A new report from writers’ organisation and free expression advocate PEN America has accused the Hollywood film industry of “increasingly making decisions about their films…based on an effort to avoid antagonising Chinese officials who control whether their films gain access to the booming Chinese market.”

As a result says the report, titled Made in Hollywood, Censored by Beijing: The US Film Industry and Chinese Government Influence, “appeasing Chinese government investors and gatekeepers has simply become a way of doing business.” And that approach, the document goes on, “is setting a standard for the rest of the world.” 

Written by PEN America’s deputy director of free expression research and policy James Tager, and released in the wake of similar criticisms of the Hollywood industry from US politicians, the report claims that, as studios seek access to the Chinese market, “many are making difficult and troubling compromises on free expression: changing the content of films intended for international - including American - audiences; engaging in self-censorship; agreeing to provide a censored version of a movie for screening in China; and in some instances directly inviting Chinese government censors onto their film sets to advise them on how to avoid tripping the censors’ wires.” 

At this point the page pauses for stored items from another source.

Lemma dotvDr x y z : dotv z (x + y) = dotv z x + dotv z y.
Proof. by rewrite dotvC dotvDl !(dotvC z). Qed.

Lemma dotvZr (a : R) x z : dotv z (a *: x) = a * dotv z x.
Proof. by rewrite dotvC dotvZl dotvC. Qed.

Lemma dotvNr x z : dotv z (- x) = - dotv z x.
Proof. by rewrite dotvC dotvNl dotvC. Qed.

Lemma dotvBr x y z : dotv z (x - y) = dotv z x - dotv z y.
Proof. by rewrite dotvDr dotvNr. Qed.

Lemma dotv0r z : dotv z 0 = 0.
Proof. by rewrite dotvC dotv0l. Qed.

Lemma dotvv_ge0 x : 0 <= dotv x x.
Proof. by apply: sumr_ge0 => i _; rewrite -expr2 sqr_ge0. Qed.

Lemma dotvv_eq0 x : dotv x x = 0 -> x = 0.
Proof.
move=> /eqP; rewrite psumr_eq0 => [/allP x0|i _]; last by rewrite -expr2 sqr_ge0.
apply/rowP => i; rewrite mxE.
by apply/eqP; have := x0 i (mem_index_enum _); rewrite /= mulf_eq0 orbb.
Qed.

Lemma dotv_mulmx x y : dotv x y = (x *m y^T) ord0 ord0.
Proof. by rewrite mxE; apply: eq_bigr => i _; rewrite mxE. Qed.

Definition subspace (W : set 'rV[R]_n) :=
  W 0 /\ forall (a : R) x y, W x -> W y -> W (a *: x + y).

Lemma subspace_row_space (W : set 'rV[R]_n) :
  subspace W -> exists M : 'M[R]_n, forall v, (v <= M)%MS <-> W v.
Proof.
case=> W0 WC.
have WD x y : W x -> W y -> W (x + y) by move=> *; rewrite -[x]scale1r; apply: WC.
have WZ (a : R) x : W x -> W (a *: x) by move=> *; rewrite -[_ *: _]addr0; apply: WC.
pose inW (M : 'M[R]_n) := forall v : 'rV_n, (v <= M)%MS -> W v.
suff: forall d (M : 'M[R]_n), inW M -> (n - \rank M <= d)%N ->
    exists M', inW M' /\ forall w, W w -> (w <= M')%MS.
  case/(_ n 0) => [v|| M' [MW WM]]; last by exists M' => v; split; [apply: MW|apply: WM].
    by rewrite submx0 => /eqP ->.
  by rewrite leq_subr.
elim=> [|d IH] M MW rkM.
  exists M; split => // w _; apply: submx_full.
  by rewrite /row_full eqn_leq rank_leq_col /= -subn_eq0 -leqn0.
have [WM|/existsNP [w /not_implyP [Ww wM]]] := pselect (forall w, W w -> (w <= M)%MS).
  by exists M.
have MwW : inW (M + w)%MS.
  move=> v /sub_addsmxP [[u1 u2] /= ->]; apply: WD; first by apply/MW/submxMl.
  have /sub_rVP [a ->] : (u2 *m w <= w)%MS by apply: submxMl.
  exact: WZ.
apply: (IH _ MwW).
have rk_lt : (\rank M < \rank (M + w)%MS)%N.
  rewrite (ltn_leqif (mxrank_leqif_sup (addsmxSl M w))).
  by apply/negP; rewrite addsmx_sub => /andP [_ /wM].
have := rank_leq_col (M + w)%MS; lia.
Qed.

(* [W^⊥⊥ ⊆ W]: writing W as the row space of M, W^⊥ is the row space of
   K := kermx M^T and W^⊥⊥ that of kermx K^T, which contains M and has the
   same rank. *)
Lemma subspace_biorth (W : set 'rV[R]_n) u : subspace W ->
  (forall v, (forall w, W w -> dotv v w = 0) -> dotv v u = 0) -> W u.
Proof.
move=> /subspace_row_space [M WM] uWoo; apply/WM.
pose K := kermx M^T.
have Ku v : (v <= K)%MS -> dotv v u = 0.
  move=> /sub_kermxP vK; apply: uWoo => w /WM /submxP [D ->].
  by rewrite dotv_mulmx trmx_mul mulmxA vK mul0mx mxE.
have uKo : (u <= kermx K^T)%MS.
  apply/sub_kermxP/rowP => i; rewrite !mxE.
  rewrite -[RHS](Ku (row i K)) ?row_sub // dotvC /dotv.
  by apply: eq_bigr => j _; rewrite !mxE.
have MKo : (M <= kermx K^T)%MS.
  by apply/sub_kermxP; rewrite -[M]trmxK -trmx_mul mulmx_ker trmx0.
have rkKo : \rank (kermx K^T) = \rank M.
  rewrite mxrank_ker mxrank_tr mxrank_ker mxrank_tr.
  have := rank_leq_col M; lia.
have [_] := mxrank_leqif_sup MKo; rewrite rkKo eqxx => /esym KoM.
exact: submx_trans uKo KoM.
Qed.

End InnerProduct.

Lemma bounded_linear_eq0 (R : realFieldType) (a b : R) :
  (forall t, t * b <= a) -> b = 0.
Proof.
move=> tb_le; apply/eqP; apply: contraT => b0.
by have := tb_le ((a + 1) / b); rewrite divfK // -subr_le0 addrAC subrr add0r ler10.
Qed.

Section LinearRelations.
Variables (R : realType) (n : nat).
Implicit Types (C : oper R n) (x y z u v xs ys zs : 'rV[R]_n).

Lemma linear_relationD C x y xs ys : linear_relation C ->
  C x xs -> C y ys -> C (x + y) (xs + ys).
Proof. by case=> _ CC Cx Cy; have := CC 1 _ _ _ _ Cx Cy; rewrite !scale1r. Qed.

Lemma linear_relationZ C (a : R) x xs : linear_relation C ->
  C x xs -> C (a *: x) (a *: xs).
Proof. by case=> C0 CC Cx; have := CC a _ _ _ _ Cx C0; rewrite !addr0. Qed.

Lemma linear_relationB C x y xs ys : linear_relation C ->
  C x xs -> C y ys -> C (x - y) (xs - ys).
Proof.
move=> Clin Cx Cy; rewrite -!scaleN1r.
by apply: linear_relationD => //; apply: linear_relationZ.
Qed.

Lemma linear_relation_inv C : linear_relation C -> linear_relation (inv_op C).
Proof. by case=> C0 CC; split => // a x y xs ys Cx Cy; apply: CC. Qed.

Lemma monotone_linear_ge0 C x xs : linear_relation C -> monotone C ->
  C x xs -> 0 <= dotv xs x.
Proof. by case=> C0 _ Cmono Cx; have := Cmono _ _ _ _ Cx C0; rewrite !subr0. Qed.

Lemma monotone_inv C : monotone C -> monotone (inv_op C).
Proof. by move=> Cmono x y xs ys Cx Cy; rewrite dotvC; apply: Cmono. Qed.

Lemma maximally_monotone_inv C :
  maximally_monotone C -> maximally_monotone (inv_op C).
Proof.
case=> Cmono Cmax; split=> [|B Bmono CB x xs]; first exact: monotone_inv.
by apply: (Cmax (inv_op B)) => [|a b]; [exact: monotone_inv | apply: CB].
Qed.

Lemma maximally_monotone_mem C x xs : maximally_monotone C ->
  (forall z zs, C z zs -> 0 <= dotv (xs - zs) (x - z)) -> C x xs.
Proof.
move=> [Cmono Cmax] xs_rel.
pose B : oper R n := fun a b => C a b \/ (a = x /\ b = xs).
apply: (Cmax B) => [a b c d [Cab|[-> ->]] [Ccd|[-> ->]]||]; try by [left|right].
- exact: Cmono.
- by rewrite -(opprB xs) -(opprB x) dotvNl dotvNr opprK; apply: xs_rel.
- exact: xs_rel.
- by rewrite !subrr dotv0l.
Qed.

Lemma monotone_surj_maximal C : monotone C ->
  (forall u, exists x xs, C x xs /\ x + xs = u) -> maximally_monotone C.
Proof.
move=> Cmono Csurj; split => // B Bmono CB x xs Bx.
have [z [zs [Cz zE]]] := Csurj (x + xs).
have := Bmono _ _ _ _ Bx (CB _ _ Cz).
have -> : xs - zs = - (x - z).
  by apply/eqP; rewrite -addr_eq0 addrC addrACA -opprD zE subrr.
rewrite dotvNl oppr_ge0 => le0.
have /dotvv_eq0/eqP : dotv (x - z) (x - z) = 0.
  by apply/eqP; rewrite eq_le le0 dotvv_ge0.
rewrite subr_eq0 => /eqP xz; move: zE; rewrite -xz => /addrI xsE.
by rewrite xz -xsE.
Qed.

Lemma maximally_monotone_range C v : linear_relation C -> maximally_monotone C ->
  (forall z, C z 0 -> dotv v z = 0) -> exists x, C x v.
Proof.
move=> Clin Cmax kerv.
have ranC : subspace (fun y => exists x, C x y).
  split; first by exists 0; case: Clin.
  by move=> a x y [x1 C1] [y1 C2]; exists (a *: x1 + y1); case: Clin => _; apply.
apply: (subspace_biorth ranC) => z zran.
suff /kerv : C z 0 by rewrite dotvC.
apply: maximally_monotone_mem => // x xs Cx.
rewrite sub0r dotvNl dotvBr (dotvC xs z) (zran xs (ex_intro _ x Cx)) sub0r opprK.
exact: monotone_linear_ge0 Clin Cmax.1 Cx.
Qed.

Lemma maximally_monotone_dom C v : linear_relation C -> maximally_monotone C ->
  (forall zs, C 0 zs -> dotv v zs = 0) -> exists xs, C v xs.
Proof.
move=> Clin Cmax; apply: (maximally_monotone_range (C := inv_op C)).
  exact: linear_relation_inv.
exact: maximally_monotone_inv.
Qed.

Lemma monotone_symmetric_isotropic C z y : linear_relation C -> monotone C ->
  symmetric_op C -> C z y -> dotv z y = 0 -> forall x xs, C x xs -> dotv x y = 0.
Proof.
move=> Clin Cmono Csym Cz zy0 x xs Cx.
suff /bounded_linear_eq0/eqP : forall t, t * (2 * dotv x y) <= dotv xs x.
  by rewrite mulf_eq0 pnatr_eq0 => /eqP.
move=> t; have := Cmono _ _ _ _ Cx (linear_relationZ t Clin Cz).
rewrite !dotvBl !dotvBr !dotvZl !dotvZr (dotvC y z) zy0.
rewrite (dotvC xs z) -(Csym _ _ _ _ Cx Cz) (dotvC y x); lra.
Qed.

End LinearRelations.

Section QuadraticForms.
Variables (R : realType) (n : nat).
Implicit Types (A B C : oper R n) (x y z xs : 'rV[R]_n).

Record sym_maxmono C : Prop := SymMaxMono {
  sym_maxmono_linear : linear_relation C;
  sym_maxmono_maximal : maximally_monotone C;
  sym_maxmono_symmetric : symmetric_op C }.

(* The value of [qform] does not depend on the element picked by [xget]:
   by symmetry C 0 is orthogonal to dom C. *)
Lemma qformE C x y : linear_relation C -> symmetric_op C -> C x y ->
  qform C x = (1/2 * dotv x y)%:E.
Proof.
move=> Clin Csym Cxy; rewrite /qform; case: pselect => [domx|[]]; last by exists y.
have /(Csym _ _ _ _ Cxy) : C 0 (xget 0 (C x) - y).
  by rewrite -(subrr x); apply: linear_relationB => //; exact: xgetPex.
by rewrite dotv0l dotvBr => /eqP; rewrite subr_eq0 => /eqP ->.
Qed.

Lemma qform_notdom C x : ~ (exists xs, C x xs) -> qform C x = +oo%E.
Proof. by rewrite /qform; case: pselect. Qed.

Lemma qform_neqNy C x : qform C x != -oo%E.
Proof. by rewrite /qform; case: pselect. Qed.

Lemma qform_subgrad C x y z : linear_relation C -> monotone C -> symmetric_op C ->
  C x y -> (qform C x + (dotv y (z - x))%:E <= qform C z)%E.
Proof.
move=> Clin Cmono Csym Cxy; rewrite (qformE Clin Csym Cxy).
have [[zs Cz]|notdom] := pselect (exists zs, C z zs); last first.
  by rewrite qform_notdom // leey.
rewrite (qformE Clin Csym Cz) -EFinD lee_fin.
have := Cmono _ _ _ _ Cz Cxy; have := Csym _ _ _ _ Cxy Cz.
rewrite !dotvBl !dotvBr (dotvC zs z) (dotvC zs x) (dotvC y z) (dotvC y x); lra.
Qed.

Lemma subdiff_qform C : sym_maxmono C -> subdiff (qform C) = C.
Proof.
move=> [Clin Cmax Csym]; have Cmono := Cmax.1.
apply/funext => x; apply/funext => y; apply/propext; split; last first.
  by move=> Cxy; split; [rewrite (qformE Clin Csym Cxy) | move=> z; apply: qform_subgrad].
case=> qx_fin y_subgrad.
have [xs Cx] : exists xs, C x xs.
  by apply: contrapT => /qform_notdom qx; rewrite qx in qx_fin.
apply: maximally_monotone_mem => // z zs Cz.
have := y_subgrad z; rewrite (qformE Clin Csym Cx) (qformE Clin Csym Cz).
have := qform_subgrad x Clin Cmono Csym Cz.
rewrite (qformE Clin Csym Cx) (qformE Clin Csym Cz) -!EFinD !lee_fin.
rewrite -(opprB x z) dotvNr dotvBl; lra.
Qed.

End QuadraticForms.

The upshot, says the report, is that “Chinese censors are playing a role in determining the content or message of movies that are released worldwide: this represents the risk that only movies that please one of the world’s most censorious regimes find their way to movie screens across the globe.” 

PEN America cites examples including the 2012 remake of Red Dawn and Marvel Studios’ Dr Strange. The latter, the report claims, “whitewashed a major Tibetan character for fear of jeopardising the film’s chances in China.” 

The report calls on the Hollwyood industry to develop “a set of practices on how to respond to governmental requests to modify and censor content” as well as “broader practices to counteract the more generalized and less explicit pressures that censorious governments can bring to bear.” 

It recommends that if major studios make changes to films for the Chinese market they pledge to do so “only for the version of the film made available within mainland China, not for the film’s global release.” 

While the Hollywood studios should take the lead, says the report, their trade body, the Motion Picture Association, should also take action to implement the recommendations. 

PEN America has a membership of 7,200 novelists, journalists, nonfiction writers, editors, poets, essayists, playwrights, publishers, translators, agents and other writing professionals.